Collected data
------------------------------------

Definition countable_set {G : Type} (A : G -> Prop) : Prop :=
  exists enum : nat -> G, forall x, A x <-> exists n, enum n = x.

Definition polish_metric_topology {G : Type} (d : G -> G -> R) : Prop :=
  (exists D : G -> Prop, countable_set D /\ metric_dense d D) /\
  (exists d', is_metric d' /\ metric_complete d' /\
     forall U, metric_open d U <-> metric_open d' U).

Definition polish_group_with_metric {G : Type} (mul : G -> G -> G) (inv : G -> G)
  (e : G) (d : G -> G -> R) : Prop :=
  is_group mul inv e /\ is_metric d /\
  (forall x y eps, 0 < eps -> exists del, 0 < del /\
     forall x' y', d x x' < del -> d y y' < del -> d (mul x y) (mul x' y') < eps) /\
  (forall x eps, 0 < eps -> exists del, 0 < del /\
     forall x', d x x' < del -> d (inv x) (inv x') < eps) /\
  polish_metric_topology d.

Definition right_invariant {G : Type} (mul : G -> G -> G) (d : G -> G -> R) : Prop :=
  forall g0 g1 h, d (mul g0 h) (mul g1 h) = d g0 g1.

Definition is_subgroup {G : Type} (mul : G -> G -> G) (inv : G -> G) (e : G)
  (H : G -> Prop) : Prop :=
  H e /\ (forall x y, H x -> H y -> H (mul x y)) /\ (forall x, H x -> H (inv x)).

Definition in_L {G : Type} (d : G -> G -> R) (f : G -> R) : Prop :=
  (forall g, 0 <= f g <= 1) /\
  (forall g1 g2, Rabs (f g1 - f g2) <= d g1 g2).

Definition nat2Qc (n : nat) : Qc := Q2Qc (inject_Z (Z.of_nat n)).

Definition QcR (q : Qc) : R := Q2R (this q).

Definition in_unit_Q (q : Qc) : Prop := 0 < QcR q < 1.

------------------------------------

> **What to do**
From the line containing "(forall g, 0 <= f g <= 1) /\" down to the last line of the records above, print every line exactly, with both ends kept.

> **Answer for the task**
  (forall g, 0 <= f g <= 1) /\
  (forall g1 g2, Rabs (f g1 - f g2) <= d g1 g2).

Definition nat2Qc (n : nat) : Qc := Q2Qc (inject_Z (Z.of_nat n)).

Definition QcR (q : Qc) : R := Q2R (this q).

Definition in_unit_Q (q : Qc) : Prop := 0 < QcR q < 1.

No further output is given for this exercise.